WORK INSTRUCTION >>
In the entries below, how many lines hold the string "repeat"? Answer with the number only.

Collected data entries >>
------------------------------------------------------------
(* Double counting of the switchings (s, x, y), x matched inside A and y
   matched outside A: each s in [matchings_ge A L] has at least
   L * (#|T| - 2 #|A| + L) of them, and the switching is recovered from
   s ^ tperm x y, x and s x, which lie in [matchings_ge A (L - 2)], A and A. *)
Lemma matchings_ge_switch L :
  2 * #|A| <= #|T| ->
  #|matchings_ge A L| * (L * (#|T| - 2 * #|A| + L))
    <= #|matchings_ge A (L - 2)| * (#|A| * #|A|).
Proof.
move=> A_small.
pose swaps s := setX (A :&: s @^-1: A) (~: A :\: s @^-1: A).
pose P := [set p : {perm T} * (T * T) |
           (p.1 \in matchings_ge A L) && (p.2 \in swaps p.1)].
pose switch (p : {perm T} * (T * T)) :=
  ((p.1 ^ tperm p.2.1 p.2.2)%g, (p.2.1, (p.1 ^ tperm p.2.1 p.2.2)%g p.2.2)).
have card_P : #|matchings_ge A L| * (L * (#|T| - 2 * #|A| + L)) <= #|P|.
  rewrite /P (card_pairs_dep (matchings_ge A L) swaps) -sum_nat_const.
  apply: leq_sum => s.
  rewrite inE => /andP [inv_s L_le]; rewrite cardsX.
  have := cardsID (s @^-1: A) A; have := cardsID (s @^-1: A) (~: A).
  have := cardsC A; have := card_out_matched_in_le inv_s.
  move: L_le; rewrite /matched_in; nia.
have switch_inj : injective switch.
  move=> [s1 [x1 y1]] [s2 [x2 y2]] [E1 x12 E3]; subst x2.
  have y12 : y1 = y2 by move: E3; rewrite E1 => /perm_inj.
  by move: E1; rewrite y12 => /conjg_inj ->.
have switch_sub : switch @: P \subset
                  setX (matchings_ge A (L - 2)) (setX A A).
  apply/subsetP=> q /imsetP [[s [x y]]].
  rewrite !inE /= => /andP [/andP [inv_s L_le]].
  move=> /andP [/andP [xA sxA] /andP [syA yA]] ->.
  have := matched_in_conj_tperm inv_s xA sxA yA syA.
  rewrite fpf_involution_conj //= xA; move/fpf_involutionP: inv_s => H.
  have xsx : x != s x by rewrite eq_sym (proj1 (H x)).
  have ysx : y != s x by apply: contraNneq yA => ->.
  by rewrite conj_tpermE tpermR tpermD //; lia.
apply: leq_trans card_P _; rewrite -(card_imset _ switch_inj).
by apply: leq_trans (subset_leq_card switch_sub) _; rewrite !cardsX.
Qed.

Lemma matchings_ge_tail t :
  2 * #|A| <= #|T| ->
  #|matchings_ge A (2 * t - 1)| * (t`! * expn (#|T| - 2 * #|A|) t)
    <= #|matchings_ge A 0| * expn (#|A| * #|A|) t.
Proof.
move=> A_small; elim: t => [|t IH]; first by rewrite muln1.
have := matchings_ge_switch (2 * t.+1 - 1) A_small.
rewrite (_ : 2 * t.+1 - 1 - 2 = 2 * t - 1); last by lia.
set D := #|T| - 2 * #|A|; set a := #|_|; set b := #|_| => step.
have step' : a * (t.+1 * D) <= b * (#|A| * #|A|).
  by apply: leq_trans step; apply: leq_mul => //; apply: leq_mul; lia.
apply: (@leq_trans (b * (#|A| * #|A|) * (t`! * expn D t))).
  by apply: leq_trans (leq_mul step' (leqnn _)); rewrite factS expnS; nia.
by rewrite mulnAC expnS [X in _ <= X]mulnCA mulnC leq_mul2l IH orbT.
Qed.

End Switching.

Lemma card_halves_at (n r : nat) (U : {set 'I_n}) :
  #|[set h : half n r | h.1 \in U]| = #|U| * r.
Proof.
rewrite (_ : [set h : half n r | h.1 \in U] = setX U [set: 'I_r]).
  by rewrite cardsX cardsT card_ord.
by apply/setP=> -[i j]; rewrite !inE andbT.
Qed.

Lemma pairingsE (n r : nat) (A : {set half n r}) :
  pairings n r = matchings_ge A 0.
Proof. by apply/setP=> s; rewrite !inE leq0n andbT. Qed.

Lemma cut_edges_add_matched_in (n r : nat) (U : {set 'I_n}) (s : {perm half n r}) :
  cut_edges U s + matched_in [set h : half n r | h.1 \in U] s = #|U| * r.
Proof.
rewrite -card_halves_at -(cardsID (s @^-1: [set h : half n r | h.1 \in U])).
rewrite addnC /matched_in; congr (_ + _).
by apply: eq_card=> h; rewrite !inE andbC.
Qed.

Local Open Scope R_scope.

Lemma exp_le_exp x y : x <= y -> exp x <= exp y.
Proof. by case/Rle_lt_or_eq_dec=> [/exp_increasing/Rlt_le|->]; last exact: Rle_refl. Qed.

Lemma ln_le_sub1 x : 0 < x -> ln x <= x - 1.
Proof. by move=> x_pos; have := exp_ineq1_le (ln x); rewrite exp_ln //; lra. Qed.

Lemma INR_expn (a b : nat) : INR (expn a b) = INR a ^ b.
Proof. by elim: b => [|b IH]; rewrite ?expnS ?mult_INR ?IH. Qed.

Lemma exp_pow x (t : nat) : exp x ^ t = exp (INR t * x).
Proof. by rewrite -Rpower_pow; [rewrite /Rpower ln_exp | exact: exp_pos]. Qed.

Lemma pow_succ_le_exp1 (t : nat) : INR t.+1 ^ t <= exp 1 * INR t ^ t.
Proof.
case: t => [|t]; first by rewrite /= Rmult_1_r; have := exp_ineq1_le 1; lra.
set u := INR t.+1; have u_pos : 0 < u by apply/lt_0_INR/ltP.
have -> : INR t.+2 = u * (1 + / u) by rewrite S_INR -/u; field; lra.
rewrite Rpow_mult_distr [exp 1 * _]Rmult_comm.
apply: Rmult_le_compat_l; first by apply: pow_le; lra.
apply: Rle_trans (_ : exp (/ u) ^ t.+1 <= _).
  apply: pow_incr; have := exp_ineq1_le (/ u).
  by have := Rinv_0_lt_compat _ u_pos; lra.
by rewrite exp_pow -/u Rinv_r; lra.
Qed.

Lemma pow_le_fact_exp1 (t : nat) : INR t ^ t <= INR t`! * exp 1 ^ t.
Proof.
elim: t => [|t IH]; first by rewrite /=; lra.
rewrite factS mult_INR [INR t.+1 ^ t.+1]/= [exp 1 ^ t.+1]/=.
have t1_ge0 := pos_INR t.+1; have e_pos := exp_pos 1.
apply: Rle_trans (_ : INR t.+1 * (exp 1 * (INR t`! * exp 1 ^ t)) <= _); last by lra.
apply/Rmult_le_compat_l/(Rle_trans _ _ _ (pow_succ_le_exp1 t)) => //.
by apply: Rmult_le_compat_l; lra.
Qed.

Lemma div_le_pow_of_fact_bound (a b f d k x : R) (t : nat) :
  0 <= a -> 0 < b -> 0 < x -> 0 < d ->
  x ^ t <= f * exp 1 ^ t -> a * (f * d ^ t) <= b * k ^ t ->
  a / b <= (k * exp 1 / (x * d)) ^ t.
Proof.
move=> a_ge0 b_pos x_pos d_pos x_le a_le.
have xd_pos : 0 < (x * d) ^ t by apply: pow_lt; nra.
apply: (Rmult_le_reg_r (b * (x * d) ^ t)); first nra.
have -> : a / b * (b * (x * d) ^ t) = a * (x * d) ^ t by field; lra.
have -> : (k * exp 1 / (x * d)) ^ t * (b * (x * d) ^ t) = b * k ^ t * exp 1 ^ t.
  rewrite (Rmult_comm b) -Rmult_assoc -Rpow_mult_distr.
  rewrite (_ : k * exp 1 / (x * d) * (x * d) = k * exp 1); last by field; nra.
  by rewrite Rpow_mult_distr; ring.
have d_ge0 : 0 <= d ^ t by apply: pow_le; lra.
have e_ge0 : 0 <= exp 1 ^ t by apply: pow_le; have := exp_pos 1; lra.
apply: Rle_trans (_ : a * (f * d ^ t) * exp 1 ^ t <= _); last first.
  exact: Rmult_le_compat_r.
rewrite Rpow_mult_distr.
rewrite (_ : a * (f * d ^ t) * exp 1 ^ t = a * ((f * exp 1 ^ t) * d ^ t)); last ring.
by apply/Rmult_le_compat_l/Rmult_le_compat_r.
Qed.

Lemma le_Rpower_of_min1_pow (p q c y : R) (t : nat) :
  p <= 1 -> p <= q ^ t -> 0 < q <= c -> 0 <= y <= INR t -> p <= Rpower c y.
Proof.
move=> p_le1 p_le [q_pos q_le] [y_ge0 y_le].
have [q_le1|q_gt1] := Rle_lt_dec q 1.
  apply: Rle_trans p_le _; rewrite -(Rpower_pow t q q_pos).
  apply: Rle_trans (_ : Rpower q y <= _); last by apply: Rle_Rpower_l.
  by apply: exp_le_exp; have := ln_le_sub1 q_pos; nra.
apply: Rle_trans p_le1 _; rewrite -(Rpower_O c); last lra.
by apply: Rle_Rpower; lra.
Qed.

Lemma exists_nat_ceil x : 0 <= x -> exists t : nat, x <= INR t < x + 1.
Proof.
move=> x_ge0; have [up_gt up_le] := archimed (- x).
have z_ge0 : (0 <= 1 - up (- x))%Z by apply: le_IZR; rewrite minus_IZR; lra.
exists (Z.to_nat (1 - up (- x))).
by rewrite INR_IZR_INZ Znat.Z2Nat.id // minus_IZR; lra.
Qed.

Lemma div_lt_of_lt_mul x y c : 0 < y -> x < c * y -> x / y < c.
Proof.
move=> y_pos lt_xy; apply: (Rmult_lt_reg_r y) => //.
by rewrite /Rdiv Rmult_assoc Rinv_l; lra.
Qed.

Lemma tail_exponent_le r m n a :
  0 < r -> 0 < m -> 0 < n -> 0 < a < 1 ->
  (1 - a) * r * m / 2 * ln (4 * exp 1 * m / ((1 - a) * n))
    <= - (r / 2) * (1 - a) * m * ln (n / m) + 3 * r * m.
Proof.
move=> r_pos m_pos n_pos a_bounds.
have nm_pos : 0 < n / m by apply: Rdiv_lt_0_compat.
have ia_pos : 0 < / (1 - a) by apply: Rinv_0_lt_compat; lra.
have e_pos := exp_pos 1.
have -> : ln (4 * exp 1 * m / ((1 - a) * n))
          = ln 2 + ln 2 + 1 - ln (1 - a) - ln (n / m).
  rewrite (_ : 4 * exp 1 * m / ((1 - a) * n) = 2 * 2 * exp 1 * / (1 - a) * / (n / m));
    last by field; lra.
  set L := ln (n / m). (* protects [ln (n / m)] from [ln_mult] *)
  rewrite !ln_mult ?ln_exp ?ln_Rinv //; try lra.
    by repeat apply: Rmult_lt_0_compat; lra.
  exact: Rinv_0_lt_compat.
have ln2_le : ln 2 <= 2 - 1 by apply: ln_le_sub1; lra.
have ln2_gt := ln_lt_2.
have ln1a := ln_le_sub1 ia_pos; rewrite ln_Rinv in ln1a; last lra.
have entropy_le : (1 - a) * - ln (1 - a) <= a.
  apply: Rle_trans (_ : (1 - a) * (/ (1 - a) - 1) <= _).
    by apply: Rmult_le_compat_l; lra.
  by right; field; lra.
have ln4e_le : (1 - a) * (ln 2 + ln 2 + 1) <= 1 * 3.
  by apply: Rmult_le_compat; lra.
have const_le : (1 - a) * (ln 2 + ln 2 + 1 - ln (1 - a)) <= 6 by lra.
have rm_ge0 : 0 <= r * m by nra.
have := Rmult_le_compat_l _ _ _ rm_ge0 const_le.
lra.
Qed.

Lemma dense_exponent_ge0 r m n a :
  0 <= r -> 0 < m -> 0 < n < 4 * m -> 0 < a < 1 ->
  0 <= - (r / 2) * (1 - a) * m * ln (n / m) + 3 * r * m.
Proof.
move=> r_ge0 m_pos [n_pos n_lt] a_bounds.
have ln_lt : ln (n / m) < 3.
  apply: Rle_lt_trans (ln_le_sub1 (Rdiv_lt_0_compat _ _ n_pos m_pos)) _.
  by have := div_lt_of_lt_mul m_pos n_lt; lra.
have ln_le : (1 - a) * ln (n / m) <= 3.
  by have [?|?] := Rle_lt_dec 0 (ln (n / m)); nra.
have rm_ge0 : 0 <= r * m by nra.
have := Rmult_le_compat_l _ _ _ rm_ge0 ln_le.
lra.
Qed.

Local Close Scope R_scope.

Definition cut_event (n r : nat) (U : {set 'I_n}) (k : R) : {set {perm half n r}} :=
  [set s in pairings n r | if Rle_dec (INR (cut_edges U s)) k then true else false].

Section CutEvent.

Variables (n r : nat) (U : {set 'I_n}) (k : R).

Let A := [set h : half n r | h.1 \in U].

Lemma cut_event_sub (t : nat) :
  (2 * INR t - 2 < INR (#|U| * r) - k)%R ->
  cut_event r U k \subset matchings_ge A (2 * t - 1).
Proof.
move=> t_small; apply/subsetP=> s; rewrite !inE => /andP [pair_s].
case: Rle_dec => // cut_le _; rewrite [fpf_involution s]pair_s /=.
have := cut_edges_add_matched_in U s; rewrite -/A => /(f_equal INR).
rewrite plus_INR => sum_eq.
have /INR_lt/ltP : (INR (2 * t) < INR (matched_in A s + 2))%R.
  by rewrite mult_INR plus_INR /=; lra.
lia.
Qed.

Lemma card_cut_event_le (t : nat) :
  (2 * INR t - 2 < INR (#|U| * r) - k)%R -> 2 * #|U| <= n ->
  #|cut_event r U k| * (t`! * expn (n * r - 2 * (#|U| * r)) t)
    <= #|pairings n r| * expn ((#|U| * r) * (#|U| * r)) t.
Proof.
move=> t_small U_small.
have A_small : 2 * #|A| <= #|half n r|.
  by rewrite card_halves_at card_prod !card_ord; nia.
have := matchings_ge_tail t A_small.
rewrite -pairingsE card_halves_at card_prod !card_ord; apply: leq_trans.
by rewrite leq_mul2r subset_leq_card ?orbT // cut_event_sub.
Qed.

Lemma prob_cut_le_le1 : (prob_cut_le r U k <= 1)%R.
Proof.
rewrite /prob_cut_le; have [->|pos] := posnP #|pairings n r|.
  by rewrite Rdiv_0_r; lra.
have pos_R : (0 < INR #|pairings n r|)%R by apply/lt_0_INR/ltP.
rewrite -(Rdiv_diag (INR #|pairings n r|)); last lra.
apply/Rmult_le_compat_r; first by apply/Rlt_le/Rinv_0_lt_compat.
apply/le_INR/leP/subset_leq_card/subsetP=> s.
by rewrite !inE => /andP [].
Qed.

End CutEvent.

Lemma switching_base_le r m n a x :
  (0 < r -> 0 < m -> 4 * m <= n -> 0 < a < 1 -> (1 - a) * r * m / 2 <= x ->
   0 < (r * m) * (r * m) * exp 1 / (x * (r * n - 2 * (r * m)))
     <= 4 * exp 1 * m / ((1 - a) * n))%R.
Proof.
move=> r_pos m_pos n_ge a_bounds x_ge.
have e_pos := exp_pos 1; have rm_pos : (0 < r * m)%R by nra.
have tau_pos : (0 < (1 - a) * r * m / 2)%R by nra.
have D_ge : (r * n / 2 <= r * n - 2 * (r * m))%R by nra.
have D_pos : (0 < r * n - 2 * (r * m))%R by nra.
have low_pos : (0 < (1 - a) * r * m / 2 * (r * n / 2))%R by nra.
have num_pos : (0 < r * m * (r * m) * exp 1)%R by repeat apply: Rmult_lt_0_compat.
split; first by apply: Rdiv_lt_0_compat => //; apply: Rmult_lt_0_compat; lra.
apply: (@Rle_trans _ (r * m * (r * m) * exp 1 / ((1 - a) * r * m / 2 * (r * n / 2)))).
  apply/Rmult_le_compat_l; first lra.
  by apply: Rinv_le_contravar => //; apply: Rmult_le_compat; lra.
by right; field; repeat split; nra.
Qed.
------------------------------------------------------------
OUTPUT BELOW >>
3